Top of Records supplied

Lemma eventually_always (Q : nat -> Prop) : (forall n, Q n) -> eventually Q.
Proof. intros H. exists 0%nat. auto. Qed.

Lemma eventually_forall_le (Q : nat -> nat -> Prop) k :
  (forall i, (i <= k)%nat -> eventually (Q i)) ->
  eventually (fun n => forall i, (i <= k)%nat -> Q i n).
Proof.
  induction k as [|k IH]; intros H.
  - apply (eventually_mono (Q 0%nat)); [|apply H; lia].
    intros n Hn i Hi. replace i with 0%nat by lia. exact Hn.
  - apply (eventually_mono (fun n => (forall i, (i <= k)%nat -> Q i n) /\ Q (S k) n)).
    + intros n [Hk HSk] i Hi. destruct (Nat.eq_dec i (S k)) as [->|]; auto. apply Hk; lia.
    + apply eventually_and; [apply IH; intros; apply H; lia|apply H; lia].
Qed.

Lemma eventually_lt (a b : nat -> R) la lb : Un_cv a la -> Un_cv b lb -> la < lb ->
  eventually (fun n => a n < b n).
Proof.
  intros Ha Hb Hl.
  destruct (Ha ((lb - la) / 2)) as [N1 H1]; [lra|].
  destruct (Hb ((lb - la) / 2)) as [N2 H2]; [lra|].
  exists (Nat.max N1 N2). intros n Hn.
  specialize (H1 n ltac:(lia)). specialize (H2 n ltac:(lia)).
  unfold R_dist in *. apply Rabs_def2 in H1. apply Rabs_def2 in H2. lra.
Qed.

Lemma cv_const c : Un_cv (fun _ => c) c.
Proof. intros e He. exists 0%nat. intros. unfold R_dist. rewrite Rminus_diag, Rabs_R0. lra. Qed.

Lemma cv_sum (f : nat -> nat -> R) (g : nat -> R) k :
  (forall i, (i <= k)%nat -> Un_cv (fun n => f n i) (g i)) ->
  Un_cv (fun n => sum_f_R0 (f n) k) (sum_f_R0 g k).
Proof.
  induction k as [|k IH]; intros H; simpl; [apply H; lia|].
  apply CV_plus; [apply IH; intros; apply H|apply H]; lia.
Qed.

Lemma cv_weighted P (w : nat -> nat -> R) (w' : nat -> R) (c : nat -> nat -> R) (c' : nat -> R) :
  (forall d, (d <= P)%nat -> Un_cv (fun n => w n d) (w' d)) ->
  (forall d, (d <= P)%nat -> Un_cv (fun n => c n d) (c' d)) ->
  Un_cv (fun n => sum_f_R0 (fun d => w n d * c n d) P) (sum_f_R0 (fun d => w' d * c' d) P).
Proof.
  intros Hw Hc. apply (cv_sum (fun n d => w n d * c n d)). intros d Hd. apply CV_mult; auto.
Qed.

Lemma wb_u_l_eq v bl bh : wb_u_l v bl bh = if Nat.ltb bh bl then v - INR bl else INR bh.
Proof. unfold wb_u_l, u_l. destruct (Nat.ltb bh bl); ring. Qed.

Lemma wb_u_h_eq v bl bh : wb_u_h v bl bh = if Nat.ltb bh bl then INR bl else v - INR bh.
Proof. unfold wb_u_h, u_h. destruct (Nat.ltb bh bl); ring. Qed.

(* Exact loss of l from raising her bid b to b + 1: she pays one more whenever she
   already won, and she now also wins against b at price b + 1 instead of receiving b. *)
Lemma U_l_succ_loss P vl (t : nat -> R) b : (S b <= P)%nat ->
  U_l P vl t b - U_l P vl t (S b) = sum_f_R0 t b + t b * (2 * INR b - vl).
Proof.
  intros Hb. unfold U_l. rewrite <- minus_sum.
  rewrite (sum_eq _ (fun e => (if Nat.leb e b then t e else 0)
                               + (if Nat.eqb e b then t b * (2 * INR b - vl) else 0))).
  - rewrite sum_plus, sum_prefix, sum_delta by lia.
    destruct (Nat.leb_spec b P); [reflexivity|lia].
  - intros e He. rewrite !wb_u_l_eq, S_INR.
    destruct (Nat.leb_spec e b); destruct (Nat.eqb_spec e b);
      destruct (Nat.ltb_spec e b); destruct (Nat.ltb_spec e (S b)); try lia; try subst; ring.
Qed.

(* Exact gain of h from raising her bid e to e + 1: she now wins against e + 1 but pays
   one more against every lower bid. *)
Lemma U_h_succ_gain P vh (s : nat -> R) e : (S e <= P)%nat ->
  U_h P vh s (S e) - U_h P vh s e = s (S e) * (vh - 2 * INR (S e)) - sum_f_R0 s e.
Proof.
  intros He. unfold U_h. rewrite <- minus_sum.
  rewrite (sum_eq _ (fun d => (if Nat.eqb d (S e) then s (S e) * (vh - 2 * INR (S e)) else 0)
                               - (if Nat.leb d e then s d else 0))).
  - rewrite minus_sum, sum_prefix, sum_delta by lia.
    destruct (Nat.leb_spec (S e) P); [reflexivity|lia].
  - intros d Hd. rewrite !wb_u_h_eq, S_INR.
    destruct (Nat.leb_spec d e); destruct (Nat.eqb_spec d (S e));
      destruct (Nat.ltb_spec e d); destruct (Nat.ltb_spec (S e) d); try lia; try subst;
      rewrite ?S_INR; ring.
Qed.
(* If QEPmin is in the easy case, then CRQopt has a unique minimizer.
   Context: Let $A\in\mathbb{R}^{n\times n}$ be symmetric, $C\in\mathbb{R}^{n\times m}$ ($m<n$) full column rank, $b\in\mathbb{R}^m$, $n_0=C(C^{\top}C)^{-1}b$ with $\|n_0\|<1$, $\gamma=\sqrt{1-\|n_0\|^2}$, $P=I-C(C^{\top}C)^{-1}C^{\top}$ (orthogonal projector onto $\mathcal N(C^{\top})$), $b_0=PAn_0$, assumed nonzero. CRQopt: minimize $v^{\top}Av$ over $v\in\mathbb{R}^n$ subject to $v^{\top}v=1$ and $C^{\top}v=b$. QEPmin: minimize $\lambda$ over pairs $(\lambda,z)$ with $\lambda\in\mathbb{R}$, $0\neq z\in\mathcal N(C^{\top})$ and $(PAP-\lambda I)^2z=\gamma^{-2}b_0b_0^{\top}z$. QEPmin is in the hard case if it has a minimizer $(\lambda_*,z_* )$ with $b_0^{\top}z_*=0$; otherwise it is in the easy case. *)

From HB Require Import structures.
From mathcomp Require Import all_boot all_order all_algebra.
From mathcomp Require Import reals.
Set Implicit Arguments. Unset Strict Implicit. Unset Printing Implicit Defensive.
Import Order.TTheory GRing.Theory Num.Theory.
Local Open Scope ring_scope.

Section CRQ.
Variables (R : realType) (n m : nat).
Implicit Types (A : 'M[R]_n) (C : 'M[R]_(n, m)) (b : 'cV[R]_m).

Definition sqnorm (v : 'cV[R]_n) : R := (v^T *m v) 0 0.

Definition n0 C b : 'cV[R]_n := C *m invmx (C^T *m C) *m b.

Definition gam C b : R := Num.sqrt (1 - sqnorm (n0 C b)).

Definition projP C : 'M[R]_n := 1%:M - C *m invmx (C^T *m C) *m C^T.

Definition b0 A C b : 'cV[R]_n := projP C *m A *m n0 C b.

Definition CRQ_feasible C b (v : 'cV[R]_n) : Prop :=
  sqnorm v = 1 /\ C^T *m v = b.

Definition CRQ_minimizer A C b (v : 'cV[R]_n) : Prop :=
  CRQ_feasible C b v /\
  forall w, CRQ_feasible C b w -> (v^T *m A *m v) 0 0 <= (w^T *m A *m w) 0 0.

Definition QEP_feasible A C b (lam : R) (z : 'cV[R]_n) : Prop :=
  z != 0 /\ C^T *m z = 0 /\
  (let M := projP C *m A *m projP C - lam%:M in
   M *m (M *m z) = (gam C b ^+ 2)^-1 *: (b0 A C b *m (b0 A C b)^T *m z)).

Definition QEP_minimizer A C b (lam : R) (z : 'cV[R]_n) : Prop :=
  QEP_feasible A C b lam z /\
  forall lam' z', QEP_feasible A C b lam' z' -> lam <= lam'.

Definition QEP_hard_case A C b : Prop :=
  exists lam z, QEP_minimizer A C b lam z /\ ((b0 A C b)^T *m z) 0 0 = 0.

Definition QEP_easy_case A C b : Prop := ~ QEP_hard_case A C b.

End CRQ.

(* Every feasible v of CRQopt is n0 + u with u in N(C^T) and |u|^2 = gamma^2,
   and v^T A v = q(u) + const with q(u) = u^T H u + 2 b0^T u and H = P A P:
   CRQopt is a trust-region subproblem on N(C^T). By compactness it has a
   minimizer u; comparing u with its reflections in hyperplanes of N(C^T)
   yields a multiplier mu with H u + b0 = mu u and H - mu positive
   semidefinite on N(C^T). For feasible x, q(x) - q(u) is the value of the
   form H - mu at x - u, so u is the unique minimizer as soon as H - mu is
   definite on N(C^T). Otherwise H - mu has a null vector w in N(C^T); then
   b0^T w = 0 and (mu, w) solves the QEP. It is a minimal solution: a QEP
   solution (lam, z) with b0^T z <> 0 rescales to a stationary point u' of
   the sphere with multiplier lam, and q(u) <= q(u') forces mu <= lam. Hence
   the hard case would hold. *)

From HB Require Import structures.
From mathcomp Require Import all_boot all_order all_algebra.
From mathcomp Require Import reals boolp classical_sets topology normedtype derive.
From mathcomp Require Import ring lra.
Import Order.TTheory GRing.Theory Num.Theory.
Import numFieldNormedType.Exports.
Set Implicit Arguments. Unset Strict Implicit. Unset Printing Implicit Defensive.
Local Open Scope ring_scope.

Bottom of Records supplied

_Directions for this task_
Above are the records; copy exactly the lines from the line with "one more against every lower bid. *)" through the line with "(* If QEPmin", both included.

_Solution_
   one more against every lower bid. *)
Lemma U_h_succ_gain P vh (s : nat -> R) e : (S e <= P)%nat ->
  U_h P vh s (S e) - U_h P vh s e = s (S e) * (vh - 2 * INR (S e)) - sum_f_R0 s e.
Proof.
  intros He. unfold U_h. rewrite <- minus_sum.
  rewrite (sum_eq _ (fun d => (if Nat.eqb d (S e) then s (S e) * (vh - 2 * INR (S e)) else 0)
                               - (if Nat.leb d e then s d else 0))).
  - rewrite minus_sum, sum_prefix, sum_delta by lia.
    destruct (Nat.leb_spec (S e) P); [reflexivity|lia].
  - intros d Hd. rewrite !wb_u_h_eq, S_INR.
    destruct (Nat.leb_spec d e); destruct (Nat.eqb_spec d (S e));
      destruct (Nat.ltb_spec e d); destruct (Nat.ltb_spec (S e) d); try lia; try subst;
      rewrite ?S_INR; ring.
Qed.
(* If QEPmin is in the easy case, then CRQopt has a unique minimizer.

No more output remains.